Laureata al Dams (Discipline arte, musica e spetattcolo) presso l'Università degli Studi della Calabria conseguendo il massimo dei voti, 110/ 110 e la lode accademica. Dal 1996 lavora per importanti produzioni cinematografiche e pubblicitarie occupando ruoli di aiuto regista, fotografa di scena, videomaker, ispettore di produzione e location manager. Ha collaborato con note agenzie fotogiornalistiche pubblicando servizi su settimanali nazionali e internazionali.

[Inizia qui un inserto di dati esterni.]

Theorem mainTheorem3 (A1 A2 : list (point -> Prop))
  (H1 : line_set A1) (H2 : line_set A2) :
  exists a b c : R, (a <> 0 \/ b <> 0) /\
  exists A1p A1m A2p A2m : list (point -> Prop),
    sub_line_set A1p A1 /\ sub_line_set A1m A1 /\
    sub_line_set A2p A2 /\ sub_line_set A2m A2 /\
    INR (length A1p) >= sqrt (INR (length A1)) /\
    INR (length A1m) >= sqrt (INR (length A1)) /\
    INR (length A2p) >= sqrt (INR (length A2)) /\
    INR (length A2m) >= sqrt (INR (length A2)) /\
    (forall p, V A1p p -> halfplane_plus a b c p) /\
    (forall p, V A1m p -> halfplane_minus a b c p) /\
    (forall p, V A2p p -> halfplane_plus a b c p) /\
    (forall p, V A2m p -> halfplane_minus a b c p).
Proof.
  destruct (common_split A1 A2 H1 H2) as (u1 & u2 & c & Hu & [B1m B1p] & [B2m B2p]).
  destruct (large_below_sublist _ _ _ _ H1 B1m) as (S1m & Sub1m & Len1m & V1m).
  destruct (large_below_sublist _ _ _ _ H1 B1p) as (S1p & Sub1p & Len1p & V1p).
  destruct (large_below_sublist _ _ _ _ H2 B2m) as (S2m & Sub2m & Len2m & V2m).
  destruct (large_below_sublist _ _ _ _ H2 B2p) as (S2p & Sub2p & Len2p & V2p).
  exists u1, u2, c. split.
  { destruct (Req_dec u1 0) as [->|]; [right; intros ->; lra|left; assumption]. }
  exists S1p, S1m, S2p, S2m. do 8 (split; [assumption|]).
  unfold halfplane_plus, halfplane_minus.
  split; [|split; [|split]]; intros p Vp;
    [apply V1p in Vp|apply V1m in Vp|apply V2p in Vp|apply V2m in Vp]; lra.
Qed.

Nel 2009 il Mav di Roma, rassegna- Materiali di Antropologia Visiva, seleziona il documentario "Gli uomini di ossidiana" girato tra l' Etiopia e l' Italia. Partecipa a diverse mostre fotografiche tra il nord e sud Italia.  Nel 2011 è a Genova, alla mostra RE-POR-TER, Festival della Scienza e delle Arti, uno dei più grandi eventi di diffusione della cultura a livello internazionale. Presenta, sempre nel 2011, una sua personale fotografica dal titolo Ap(pesi) pensieri presso il Palazzo Duchi di Santo Stefano, Taormina.    Nel 2003 è l'autrice di una fiaba dal titolo "L'orso Dongo", illustrata da Stefano Costantino e pubblicata dall'Armando Editore, Roma. Il metodo di lavoro è prettamente di reportage, cioè raccontare attraverso le immagini ogni istante e ogni dettaglio. Le tematiche affrontate di preferenza sono reportage socio-antropologico ed eventi culturali in genere. La produzione viene finalizzata alla realizzazione di mostre, portfolio e audiovisivi.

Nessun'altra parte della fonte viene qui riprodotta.